Idiopathic CSVV often resolves within a few weeks, and thus, the management of most patients involves confirming the lack of an identifiable cause and the alleviation of symptoms. Systemic immunomodulatory therapy to arrest the disease process is usually reserved for the subset of patients who develop complications, such as hemorrhagic bullae, ulceration, or chronic or recurrent disease (algorithm 1).

The management of patients with idiopathic CSVV will be reviewed here. The evaluation of patients with cutaneous lesions of vasculitis and the clinical features and treatment of specific disorders that may present with vasculitis involving small vessels of the skin are discussed separately.

●(See "Evaluation of adults with cutaneous lesions of vasculitis".)

●(See "Overview of cutaneous small vessel vasculitis".)

●(See "Urticarial vasculitis".)

●(See "IgA vasculitis (Henoch-Schönlein purpura): Management".)

●(See "Treatment of rheumatoid vasculitis".)

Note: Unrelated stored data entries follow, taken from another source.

(* Let $L$ be a uniquely complemented lattice that is not distributive. Then $L$ has infinite width, i.e. $L$ contains antichains of arbitrarily large finite size (there is no finite bound on the cardinality of antichains in $L$).
   Context: A uniquely complemented lattice is a bounded lattice (with least element $0$ and greatest element $1$) in which every element $x$ has exactly one complement, i.e. exactly one $y$ with $x \wedge y = 0$ and $x \vee y = 1$. The width of a lattice is the supremum of the cardinalities of its antichains (sets of pairwise incomparable elements); the lattice has finite width if this supremum is a finite number. *)

From HB Require Import structures.
From mathcomp Require Import all_boot all_order.
Set Implicit Arguments. Unset Strict Implicit. Unset Printing Implicit Defensive.
Import Order.Theory.
Local Open Scope order_scope.

Definition is_complement (d : Order.disp_t) (L : tbLatticeType d) (x y : L) : Prop :=
  x `&` y = \bot /\ x `|` y = \top.

Definition uniquely_complemented (d : Order.disp_t) (L : tbLatticeType d) : Prop :=
  forall x : L, exists y : L, is_complement x y /\ (forall z : L, is_complement x z -> z = y).

Definition distributive_lattice (d : Order.disp_t) (L : tbLatticeType d) : Prop :=
  forall x y z : L, x `&` (y `|` z) = (x `&` y) `|` (x `&` z).

Definition antichain (d : Order.disp_t) (L : tbLatticeType d) (s : seq L) : Prop :=
  uniq s /\ forall x y : L, x \in s -> y \in s -> x != y -> ~~ (x >=< y).

Definition finite_width (d : Order.disp_t) (L : tbLatticeType d) : Prop :=
  exists n : nat, forall s : seq L, antichain s -> (size s <= n)%N.

From mathcomp Require Import all_boot all_order.
From Stdlib Require Import Classical.
Set Implicit Arguments. Unset Strict Implicit. Unset Printing Implicit Defensive.
Import Order.Theory.
Local Open Scope order_scope.

(* In a uniquely complemented lattice, if [u < y] then [y] meets the complement
   [u'] of [u] nontrivially (else [y] would be a second complement of [u']).
   Hence below a nonzero non-atom [z] lies some [0 < y < z] together with the
   nonzero piece [z `&` y'] disjoint from [y]; iterating produces arbitrarily
   long families of pairwise disjoint nonzero elements, which are antichains.
   So finite width forces every nonzero element to lie above an atom.
   In an atomic uniquely complemented lattice the complement [p'] of an atom
   [p] is a coatom containing every other atom, so every [x] with [~~ (p <= x)]
   lies below [p']; as elements are compared through the atoms below them, an
   atom under [x `&` (y `|` z)] but under neither [y] nor [z] would lie under
   [p `&` p' = 0]. *)

Section UniquelyComplemented.

Variables (d : Order.disp_t) (L : tbLatticeType d).

Lemma is_complement_sym (x y : L) : is_complement x y -> is_complement y x.
Proof. by case=> xy0 xy1; split; rewrite 1?meetC 1?joinC. Qed.

Definition disjoint_family (s : seq L) : Prop :=
  [/\ uniq s, forall x, x \in s -> x != \bot
    & forall x y, x \in s -> y \in s -> x != y -> x `&` y = \bot].

Lemma disjoint_family_antichain (s : seq L) : disjoint_family s -> antichain s.
Proof.
case=> uniq_s nz_s disj_s; split=> // x y xs ys /(disj_s _ _ xs ys) xy0.
apply/negP => /orP[/meet_idPl | /meet_idPr] xyE.
  by move: (nz_s x xs); rewrite -xyE xy0 eqxx.
by move: (nz_s y ys); rewrite -xyE xy0 eqxx.
Qed.

Lemma disjoint_family_cons (s : seq L) (y v : L) :
  disjoint_family s -> all (<= y) s -> v != \bot -> v `&` y = \bot ->
  disjoint_family (v :: s).
Proof.
case=> uniq_s nz_s disj_s /allP s_le_y v_nz vy0.
have v_disj a : a \in s -> a `&` v = \bot.
  move=> /s_le_y a_le_y; apply/eqP; rewrite -lex0 -vy0 meetC; exact: leI2.
split.
- rewrite /= uniq_s andbT; apply: contra v_nz => vs.
  by rewrite -[v]meetxx v_disj.
- by move=> x; rewrite inE => /orP[/eqP -> // | /nz_s].
move=> x z; rewrite !inE => /orP[/eqP -> | xs] /orP[/eqP -> | zs] //.
- by rewrite eqxx.
- by move=> _; rewrite meetC v_disj.
- by move=> _; rewrite v_disj.
- exact: disj_s.
Qed.

Definition atom (p : L) : Prop :=
  p != \bot /\ forall y, y <= p -> y = \bot \/ y = p.

Definition atomic : Prop := forall z : L, z != \bot -> exists p, atom p /\ p <= z.

Hypothesis UC : uniquely_complemented L.

Lemma is_complement_unique (x y z : L) :
  is_complement x y -> is_complement x z -> y = z.
Proof.
by move=> xy xz; have [c [_ c_uniq]] := UC x; rewrite (c_uniq _ xy) (c_uniq _ xz).
Qed.

Lemma meet_compl_neq0 (u y u' : L) : u < y -> is_complement u u' -> y `&` u' != \bot.
Proof.
rewrite lt_neqAle => /andP[u_neq_y u_le_y] [uu'0 uu'1]; apply/negP => /eqP yu'0.
have u'y : is_complement u' y.
  by split; rewrite 1?meetC //; apply/eqP; rewrite eq_le lex1 -uu'1 joinC leU2.
have := is_complement_unique u'y (is_complement_sym (conj uu'0 uu'1)).
by move=> yE; rewrite yE eqxx in u_neq_y.
Qed.

Lemma exists_atom_le (k : nat) (z : L) : z != \bot ->
  (forall s, disjoint_family s -> all (<= z) s -> (size s <= k)%N) ->
  exists p, atom p /\ p <= z.
Proof.
elim: k z => [|k IH] z z_nz z_bound.
  have /z_bound : disjoint_family [:: z].
    by split=> // [x|x y]; rewrite !inE => /eqP-> // /eqP->; rewrite eqxx.
  by rewrite /= lexx => /(_ isT).
have [[y /andP[y_gt0 y_lt_z]] | no_mid] := classic (exists y, \bot < y < z); last first.
  exists z; split=> //; split=> // y y_le_z.
  have [-> | y_nz] := eqVneq y \bot; [by left | right].
  apply/eqP; apply: contraT => y_neq_z; exfalso; apply: no_mid; exists y.
  by rewrite lt0x y_nz lt_neqAle y_neq_z y_le_z.
have y_le_z := ltW y_lt_z.
have [y' [yy' _]] := UC y.
have piece_nz : z `&` y' != \bot := meet_compl_neq0 y_lt_z yy'.
have piece_disj : z `&` y' `&` y = \bot by rewrite meetC meetCA yy'.1 meetx0.
have [p [p_atom p_le_y]] : exists p, atom p /\ p <= y.
  apply: IH => [|s s_disj s_le_y]; first by rewrite -lt0x.
  have /z_bound : disjoint_family (z `&` y' :: s).
    exact: disjoint_family_cons s_disj s_le_y piece_nz piece_disj.
  rewrite /= leIl ltnS; apply; apply/allP=> x xs.
  exact: le_trans (allP s_le_y x xs) y_le_z.
by exists p; split=> //; apply: le_trans y_le_z.
Qed.

Lemma finite_width_atomic : finite_width L -> atomic.
Proof.
case=> n n_bound z z_nz; apply: (exists_atom_le (k := n)) => // s s_disj _.
exact/n_bound/disjoint_family_antichain.
Qed.

Section Atomic.

Hypothesis atomicL : atomic.

Lemma atoms_le (x y : L) : (forall p, atom p -> p <= x -> p <= y) -> x <= y.
Proof.
move=> atoms_xy; apply/negPn/negP => x_nle_y.
have [u' [uu' _]] := UC (x `&` y).
have xy_lt_x : x `&` y < x.
  by rewrite lt_neqAle leIl andbT; apply: contraNneq x_nle_y => <-; exact: leIr.
have [p [p_atom p_le]] := atomicL (meet_compl_neq0 xy_lt_x uu').
have p_le_x : p <= x by apply: le_trans p_le (leIl _ _).
have : p <= x `&` y `&` u'.
  by rewrite !lexI p_le_x atoms_xy //= (le_trans p_le (leIr _ _)).
by rewrite uu'.1 lex0 (negbTE p_atom.1).
Qed.

Lemma atom_compl_coatom (p p' y : L) :
  atom p -> is_complement p p' -> p' < y -> y = \top.
Proof.
move=> [_ p_min] [pp'0 pp'1]; rewrite lt_neqAle => /andP[p'_neq_y p'_le_y].
case: (p_min (y `&` p) (leIr _ _)) => [yp0 | ypE].
  have py : is_complement p y.
    by split; rewrite 1?meetC //; apply/eqP; rewrite eq_le lex1 -pp'1 leU2.
  by rewrite (is_complement_unique (conj pp'0 pp'1) py) eqxx in p'_neq_y.
by apply/eqP; rewrite eq_le lex1 -pp'1 leUx p'_le_y -ypE leIl.
Qed.

Lemma atom_le_compl (p p' r : L) :
  atom p -> atom r -> is_complement p p' -> r != p -> r <= p'.
Proof.
move=> p_atom [r_nz r_min] pp' r_neq_p; apply/negPn/negP => r_nle_p'.
have rp'0 : r `&` p' = \bot.
  by case: (r_min _ (leIl r p')) => // rp'E; rewrite -rp'E leIr in r_nle_p'.
have rp'1 : r `|` p' = \top.
  apply: atom_compl_coatom p_atom pp' _.
  by rewrite lt_neqAle leUr andbT; apply: contraNneq r_nle_p' => ->; exact: leUl.
have := is_complement_unique (is_complement_sym (conj rp'0 rp'1)) (is_complement_sym pp').
by move=> rE; rewrite rE eqxx in r_neq_p.
Qed.

Lemma le_compl_atom (p p' x : L) :
  atom p -> is_complement p p' -> ~~ (p <= x) -> x <= p'.
Proof.
move=> p_atom pp' p_nle_x; apply: atoms_le => r r_atom r_le_x.
by apply: atom_le_compl p_atom r_atom pp' _; apply: contraNneq p_nle_x => <-.
Qed.

Lemma atomic_distributive : distributive_lattice L.
Proof.
move=> x y z; apply/eqP; rewrite eq_le leUx !leI2 ?lexx ?leUl ?leUr // !andbT.
apply: atoms_le => p p_atom; rewrite lexI => /andP[p_le_x p_le_yz].
have [p_le_y | p_nle_y] := boolP (p <= y); first by rewrite lexUl // lexI p_le_x.
have [p_le_z | p_nle_z] := boolP (p <= z); first by rewrite lexUr // lexI p_le_x.
have [p' [pp' _]] := UC p.
have yz_le_p' : y `|` z <= p' by rewrite leUx !(le_compl_atom p_atom pp').
have : p <= p `&` p' by rewrite lexI lexx (le_trans p_le_yz yz_le_p').
by rewrite pp'.1 lex0 (negbTE p_atom.1).
Qed.

End Atomic.

End UniquelyComplemented.

Theorem proposition7p3 (d : Order.disp_t) (L : tbLatticeType d) :
  uniquely_complemented L -> ~ distributive_lattice L -> ~ finite_width L.
Proof.
move=> UC not_distributive /(finite_width_atomic UC) atomicL.
exact/not_distributive/atomic_distributive.
Qed.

●(See "Eosinophilic granulomatosis with polyangiitis (Churg-Strauss): Treatment and prognosis".)

●(See "Granulomatosis with polyangiitis and microscopic polyangiitis: Induction and maintenance therapy".)

●(See "Mixed cryoglobulinemia syndrome: Treatment and prognosis".)

TERMINOLOGY AND DEFINITIONS

Cutaneous small vessel vasculitis — Cutaneous small vessel vasculitis (CSVV) is characterized by the presence of cutaneous lesions in conjunction with histopathologic evidence for a leukocytoclastic vasculitis involving the capillaries, venules, and arterioles in the skin. Although palpable purpura are the most common associated skin manifestations, other lesions such as petechiae, hemorrhagic bullae, ulcers, and urticaria may also develop (picture 1A-D). The skin lesions are often most prevalent on the lower legs and other dependent areas.

Other terms that have been used to refer to "cutaneous small vessel vasculitis" include "cutaneous leukocytoclastic vasculitis," "cutaneous leukocytoclastic angiitis," and "cutaneous necrotizing venulitis," all of which refer to the characteristic histopathologic findings in CSVV. The term "hypersensitivity vasculitis" has also been used to refer to CSVV but is most appropriately applied to CSVV caused by a known drug or infection. (See "Overview of cutaneous small vessel vasculitis", section on 'Definitions'.)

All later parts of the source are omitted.